[Records contained in a dataset]

(* Let $X$ be a set, let $c:X\times X\to(-\infty,\infty]$ be a symmetric cost function ($c(x,y)=c(y,x)$), let $Y\subseteq X$, and let $\tilde{c}:Y\times Y\to(-\infty,\infty]$ be the restriction of $c$, i.e. $\tilde{c}(x,y)=c(x,y)$ for all $x,y\in Y$. Let $\mathcal{C}_X$ denote the $c$-class (the image of the transform $K\mapsto K^c$ on subsets of $X$) and $\mathcal{C}_Y$ the $\tilde{c}$-class (the image of the transform $K\mapsto K^{\tilde{c}}$ on subsets of $Y$). Assume that $Y\in \mathcal{C}_X$. Then \[ \mathcal{C}_Y=\{ B\cap Y: \, Y^c \subseteq B \in \mathcal{C}_X\}.\]
   Context: For a symmetric cost $c:X\times X\to(-\infty,\infty]$ and $K\subseteq X$, the $c$-dual set is $K^c=\{y\in X:\ c(x,y)\ge 0 \ \forall x\in K\}$; analogously, for $A\subseteq Y$, $A^{\tilde{c}}=\{y\in Y:\ \tilde{c}(x,y)\ge 0\ \forall x\in A\}$. The map $K\mapsto K^c$ is an order reversing quasi involution, and its image $\mathcal{C}_X=\{K^c: K\subseteq X\}$ consists exactly of the sets $K\subseteq X$ with $K^{cc}=K$ (similarly $\mathcal{C}_Y$ consists of the $A\subseteq Y$ with $A^{\tilde{c}\tilde{c}}=A$). Here $Y^c$ denotes the $c$-dual of $Y$ taken in $X$. *)

From mathcomp Require Import all_boot all_order all_algebra.
From mathcomp Require Import all_classical all_reals ereal.
Set Implicit Arguments. Unset Strict Implicit. Unset Printing Implicit Defensive.
Import Order.TTheory GRing.Theory Num.Theory.
Local Open Scope classical_set_scope.
Local Open Scope ereal_scope.

Definition cdual {R : realType} {X : Type} (c : X -> X -> \bar R) (K : set X)
  : set X := [set y | forall x, K x -> 0 <= c x y].

Definition cclass {R : realType} {X : Type} (c : X -> X -> \bar R) : set (set X) :=
  [set A | exists K : set X, A = cdual c K].

(* Subsets of Y are represented as subsets A of X with A `<=` Y.
   The restricted cost c~ = c on Y x Y; its dual of A `<=` Y, taken in Y:
   A^{c~} = {y in Y : c~(x,y) >= 0 for all x in A}. *)
Definition cdual_restr {R : realType} {X : Type} (c : X -> X -> \bar R)
  (Y : set X) (A : set X) : set X :=
  [set y | Y y /\ forall x, A x -> 0 <= c x y].

Definition cclass_restr {R : realType} {X : Type} (c : X -> X -> \bar R)
  (Y : set X) : set (set X) :=
  [set A | exists K : set X, K `<=` Y /\ A = cdual_restr c Y K].

(** The c-dual is an antitone Galois connection with itself, so [K^ccc = K^c]
    and [C_X] consists of the [c]-closed sets; the restricted dual is the
    trace [A^c ∩ Y].  A set [K^c̃ = K^c ∩ Y] with [K ⊆ Y] is thus the trace of
    [K^c ⊇ Y^c].  Conversely, if [Y^c ⊆ B = B^cc] then [B^c ⊆ Y^cc = Y], and
    [B ∩ Y = B^cc ∩ Y] is the restricted dual of [B^c]. *)
From mathcomp Require Import all_boot all_order all_algebra.
From mathcomp Require Import all_classical all_reals ereal.
Set Implicit Arguments. Unset Strict Implicit. Unset Printing Implicit Defensive.
Local Open Scope classical_set_scope.
Local Open Scope ereal_scope.

Section CDual.

Variables (R : realType) (X : Type) (c : X -> X -> \bar R).

Lemma cdualS (K L : set X) : K `<=` L -> cdual c L `<=` cdual c K.
Proof. by move=> KL y Ly x /KL; exact: Ly. Qed.

Lemma cdual_restrE (Y A : set X) : cdual_restr c Y A = cdual c A `&` Y.
Proof. by apply/seteqP; split=> y /= []. Qed.

Hypothesis c_sym : forall x y, c x y = c y x.

Lemma sub_cdual2 (K : set X) : K `<=` cdual c (cdual c K).
Proof. by move=> x Kx y Ky; rewrite c_sym; exact: Ky. Qed.

Lemma cdual3 (K : set X) : cdual c (cdual c (cdual c K)) = cdual c K.
Proof.
apply/seteqP; split; last exact: sub_cdual2.
exact/cdualS/sub_cdual2.
Qed.

Lemma cclassP (A : set X) : cclass c A <-> cdual c (cdual c A) = A.
Proof. by split=> [[K ->]|<-]; [exact: cdual3 | exists (cdual c A)]. Qed.

End CDual.

Theorem lemma8p15 (R : realType) (X : Type) (c : X -> X -> \bar R) (Y : set X)
  (c_sym : forall x y, c x y = c y x)
  (c_ninfty : forall x y, c x y != -oo)
  (hY : cclass c Y) :
  cclass_restr c Y =
  [set A | exists B : set X, [/\ cclass c B, cdual c Y `<=` B & A = B `&` Y]].
Proof.
have Ycc : cdual c (cdual c Y) = Y by exact/cclassP.
apply/seteqP; split=> A /=.
- move=> [K [KY ->]]; exists (cdual c K); split.
  + by exists K.
  + exact: cdualS.
  + exact: cdual_restrE.
- move=> [B [/(cclassP c_sym) Bcc YcB ->]]; exists (cdual c B); split.
  + by rewrite -Ycc; exact: cdualS YcB.
  + by rewrite cdual_restrE Bcc.
Qed.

▶ **WORK TASK**:
Transcribe the records above from the line holding "The restricted cost" down to the line holding "[set A | exists K : set X, K", inclusive, without adding anything.

▶ **OUTPUT FOR THIS EXERCISE**:
   The restricted cost c~ = c on Y x Y; its dual of A `<=` Y, taken in Y:
   A^{c~} = {y in Y : c~(x,y) >= 0 for all x in A}. *)
Definition cdual_restr {R : realType} {X : Type} (c : X -> X -> \bar R)
  (Y : set X) (A : set X) : set X :=
  [set y | Y y /\ forall x, A x -> 0 <= c x y].

Definition cclass_restr {R : realType} {X : Type} (c : X -> X -> \bar R)
  (Y : set X) : set (set X) :=
  [set A | exists K : set X, K `<=` Y /\ A = cdual_restr c Y K].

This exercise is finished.